Введение к работе
Актуальность проблемы. Выяснение молекулярных механизмов регуляции пролиферации клеток является одной из основных задач современной биологии, которая имеет не только теоретическое, но и практическое значение: исследования в этой области открывают возможности для создания средств подавления злокачественного роста, также как и средств стимуляции регенерации тканей. Пролифера-тивное действие ряда гормонов и других внеклеточных сигналов (включая факторы роста, цитокины, интерлейкины, антигены и т.д.) обеспечивается их взаимодействием со специфическими рецепторными белками, находящимися на поверхности плазматических мембран клеток-мишеней. Эти рецепторы имеют по крайней мере две функции - связывание агониста с высокой аффинностью и инициацию процесса проведения сигнала путем образования вторичных посредников внутри клеток: сАМР, Са2*, диацилглицерина и др.

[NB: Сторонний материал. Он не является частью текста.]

(* Let $V=\Sigma^aH(b)$ and $W=\Sigma^sH(t)$ be representation cells (so $0\le b\le a$ and $0\le t\le s$) with $a\geq s$, and with $b\geq t$ in case $a=s$. Then for any map $f\colon\Sigma^{-1}V\to W$ in $\mathcal D(\underline{\mathbb Z/2})$, exactly one of the following holds: (1) $\mathrm{tp}(\Sigma^{-1}V)=\mathrm{tp}(W)$ and $\mathrm{cowt}(\Sigma^{-1}V)=\mathrm{cowt}(W)$ (so $\Sigma^{-1}V=W$) and $f$ is homotopic to the identity; (2) $\mathrm{tp}(\Sigma^{-1}V)=\mathrm{tp}(W)$ and $\mathrm{cowt}(\Sigma^{-1}V)>\mathrm{cowt}(W)$, and $f$ is homotopic to the chain map which is the identity $F\to F$ in each degree where $\Sigma^{-1}V$ has an $F$, and is $p\colon H\to F$ in degree $\mathrm{cowt}(\Sigma^{-1}V)$; (3) $\mathrm{tp}(\Sigma^{-1}V)\ge\mathrm{tp}(W)$ and $\mathrm{cowt}(\Sigma^{-1}V)\le\mathrm{cowt}(W)-2$, and $f$ is homotopic to the chain map which is $u\colon F\to F$ in degree $\mathrm{tp}(W)$ and zero in all other degrees; (4) $f$ is null-homotopic.
   Context: A $\underline{\mathbb Z/2}$-module is a pair of $\mathbb F_2$-vector spaces $M_\Theta,M_\bullet$ with maps $t\colon M_\Theta\to M_\Theta$, $p^*\colon M_\bullet\to M_\Theta$, $p_*\colon M_\Theta\to M_\bullet$ with $tp^*=p^*$, $p_*t=p_*$, $t^2=1$, $p^*p_*=1+t$, $p_*p^*=0$. $H$: both spaces $\mathbb F_2$, $t=p^*=\mathrm{id}$, $p_*=0$. $F$: $F_\Theta=\mathbb F_2^2$, $t$ the swap, $F_\bullet=\mathbb F_2$, $p_*(x,y)=x+y$, $p^*(z)=(z,z)$. $p\colon F\to H$ and $p\colon H\to F$ are the unique nonzero maps; $u=1+t\colon F\to F$. Homological grading, $(\Sigma C)_i=C_{i-1}$. $H(0)=H$ in degree $0$; for $q>0$, $H(q)$ is $F\xrightarrow{u}\cdots\xrightarrow{u}F\xrightarrow{p}H$ with $F$ in degrees $0,\dots,-(q-1)$ and $H$ in degree $-q$. A representation cell is a complex $\Sigma^mH(q)$ with $0\le q\le m$; for such a complex (and its desuspensions $\Sigma^{m-1}H(q)$, treated the same way) the topological dimension $\mathrm{tp}$ is the degree of its top $F$ (namely $m$ for $\Sigma^mH(q)$), the weight is $q$, and the coweight $\mathrm{cowt}$ is the degree $m-q$ of its bottom $H$. $\mathcal D(\underline{\mathbb Z/2})$ is the derived category; ''homotopic'' means equal in $\mathcal D(\underline{\mathbb Z/2})$ (equivalently chain homotopic, as these complexes are bounded complexes of projectives). *)

From mathcomp Require Import all_boot all_order all_algebra.
Set Implicit Arguments. Unset Strict Implicit. Unset Printing Implicit Defensive.
Import GRing.Theory.
Local Open Scope ring_scope.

Активирующиеся вследствие этого различные протеинкиназы служат передаточным звеном между образованием вторичных посредников и активацией синтеза ДНК, распространяя таким образом сигнал от внешней мембраны до клеточного ядра. Наличие каталитических каскадов внутриклеточных посредников позволяет многократно усиливать внеклеточный сигнал, так что определенный клеточный ответ достигается при действии наномолярных (и менее) концентраций сигнальных веществ.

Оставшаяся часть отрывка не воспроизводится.